_Task prompt_. Produce as output only the lines below starting at the line with "(forall F, is_facet (conv_cols W)" and continuing through the line with "have Wc := XW c Xc.", each one exactly as written.

--- START ---

(** Pivoting is started in the coordinates of [conv(W)] centred at its
    centroid, where [{z : M^T z <= 1}] is bounded. *)
Lemma facet_avoiding m r (W : 'M[R]_(m, r)) (x0 : 'cV[R]_m) :
  conv_cols W x0 -> (0 < \rank (center W x0))%N ->
  exists (a : 'cV[R]_m) (b : R), [/\ forall x, conv_cols W x -> (a^T *m x) 0 0 <= b,
    (a^T *m x0) 0 0 < b & is_facet (conv_cols W) (slice (conv_cols W) a b)].
Proof.
move=> Wx0 rpos; have r0 := leq_trans rpos (rank_leq_col _).
pose c : 'cV[R]_m := W *m const_mx r%:R^-1.
have Wc : conv_cols W c by exists (const_mx r%:R^-1); split => //; exact: in_simplex_uniform.
pose V := center W c.
have D0 : (0 < \rank V)%N.
  by rewrite /V (aff_dim_inj (aff_dim_conv_cols Wc) (aff_dim_conv_cols Wx0)).
have [Binv BinvB] : exists Binv, Binv *m col_base V = 1%:M.
  by apply/row_fullP; exact: col_base_full.
have RpE : Binv^T^T *m V = row_base V.
  by rewrite trmxK -[X in Binv *m X](mulmx_base V) mulmxA BinvB mul1mx.
have V1 : V *m (const_mx 1 : 'cV[R]_r) = 0.
  have : V *m (const_mx r%:R^-1 : 'cV[R]_r) = 0.
    by rewrite /V -center_mul_simplex ?subrr //; exact: in_simplex_uniform.
  have -> : (const_mx 1 : 'cV[R]_r) = r%:R *: const_mx r%:R^-1.
    by apply/matrixP => i j; rewrite !mxE mulfV // pnatr_eq0 -lt0n.
  by rewrite -scalemxAr => ->; rewrite scaler0.
have R1 : row_base V *m (const_mx 1 : 'cV[R]_r) = 0 by rewrite -RpE -mulmxA V1 mulmx0.
have [h0 [h0s ex0]] := Wx0.
have [z [fz uz rz]] := dual_vertex_exists (row_base V *m h0) (row_base_free V) R1.
rewrite -RpE in fz rz.
exists (Binv^T *m z), (((Binv^T *m z)^T *m c) 0 0 + 1); split.
- by move=> x; exact: dual_conv_le.
- have : ((Binv^T *m z)^T *m (x0 - c)) 0 0 = ((row_base V *m h0)^T *m z) 0 0.
    rewrite ex0 center_mul_simplex // -/V trmx_mul mulmxA -(mulmxA z^T) RpE.
    by rewrite -mulmxA dotC.
  by rewrite dotB; move: uz; lra.
- exact: dual_vertex_facet D0 Wc erefl fz rz.
Qed.

(** * The facet-based conditions *)

Lemma facet_cut m n D (X : 'M[R]_(m, n)) (c a : 'cV[R]_m) b (J : {set 'I_n}) :
  conv_cols X c -> \rank (center X c) = D.+1 ->
  (forall x, conv_cols X x -> (a^T *m x) 0 0 <= b) -> (a^T *m c) 0 0 < b ->
  (forall j, j \in J -> (a^T *m col j X) 0 0 = b) ->
  has_aff_indep (conv_cols_sub X J) D ->
  is_facet (conv_cols X) (slice (conv_cols X) a b) /\ aff_dim (slice (conv_cols X) a b) D.
Proof.
move=> Xc rX valid strict onJ hJ.
have hyp x : slice (conv_cols X) a b x ->
    ((x - c)^T <= (center X c)^T)%MS /\ (a^T *m (x - c)) 0 0 = b - (a^T *m c) 0 0.
  by case=> Xx ax; split; [exact: conv_cols_center | rewrite dotB ax].
have bne : b - (a^T *m c) 0 0 != 0 by rewrite subr_eq0 gt_eqF.
have dimG : aff_dim (slice (conv_cols X) a b) D.
  split; last by move/(has_aff_indep_hyperplane bne hyp); rewrite rX ltnn.
  apply: has_aff_indepS hJ => x xJ; split; first exact: conv_cols_subW xJ.
  exact: conv_cols_sub_dot onJ xJ.
split => //; split; last by exists D; split => //; rewrite -rX; exact: aff_dim_conv_cols.
by exists a, b; split; [exact: valid | move=> x; exact: iff_refl].
Qed.

Lemma fbc_same_aff_dim m n r s D (X : 'M[R]_(m, n)) (W : 'M[R]_(m, r))
    (H : 'M[R]_(r, n)) (c : 'cV[R]_m) :
  X = W *m H -> (forall j, in_simplex (col j H)) -> conv_cols X c ->
  \rank (center X c) = D.+1 ->
  (forall F, is_facet (conv_cols W) F -> exists J : {set 'I_n},
     distinct_cols_in X J F /\ (s <= #|J|)%N /\ aff_dim (conv_cols_sub X J) D) ->
  (forall F, is_facet (conv_cols X) F -> ~ is_facet (conv_cols W) F ->
     forall J : {set 'I_n}, distinct_cols_in X J F -> (#|J| < s)%N) ->
  \rank (center W c) = D.+1.
Proof.
move=> XWH hH Xc rX hC hD.
have XW x : conv_cols X x -> conv_cols W x by rewrite XWH; exact: conv_cols_mulmx.
have Wc := XW c Xc.
have rXW : (D.+1 <= \rank (center W c))%N.
  rewrite -rX -mxrank_tr -(mxrank_tr (center W c)); apply: mxrankS.
  by rewrite XWH center_mul_stochastic // trmx_mul submxMl.
apply/eqP; rewrite eqn_leq rXW andbT leqNgt; apply/negP => rW.
have [a [b [valid strict facetF]]] := facet_avoiding Wc (leq_trans (ltn0Sn D) rXW).
have [J [[JF Jd] [sJ [hJ _]]]] := hC _ facetF.
have onJ j : j \in J -> (a^T *m col j X) 0 0 = b by move=> jJ; have [_ ->] := JF j jJ.
have [facetG dimG] := facet_cut Xc rX (fun x Xx => valid x (XW x Xx)) strict onJ hJ.
have notW : ~ is_facet (conv_cols W) (slice (conv_cols X) a b).
  case=> _ [k [dimW dimG']]; rewrite (aff_dim_inj dimG' dimG) in dimW.
  by move: rW; rewrite (aff_dim_inj (aff_dim_conv_cols Wc) dimW) ltnn.
suff : (#|J| < s)%N by rewrite ltnNge sJ.
apply: (hD _ facetG notW J).
by split => // j jJ; split; [exact: conv_cols_col | exact: onJ].
Qed.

--- END ---

_Solution to this problem_.
  (forall F, is_facet (conv_cols W) F -> exists J : {set 'I_n},
     distinct_cols_in X J F /\ (s <= #|J|)%N /\ aff_dim (conv_cols_sub X J) D) ->
  (forall F, is_facet (conv_cols X) F -> ~ is_facet (conv_cols W) F ->
     forall J : {set 'I_n}, distinct_cols_in X J F -> (#|J| < s)%N) ->
  \rank (center W c) = D.+1.
Proof.
move=> XWH hH Xc rX hC hD.
have XW x : conv_cols X x -> conv_cols W x by rewrite XWH; exact: conv_cols_mulmx.
have Wc := XW c Xc.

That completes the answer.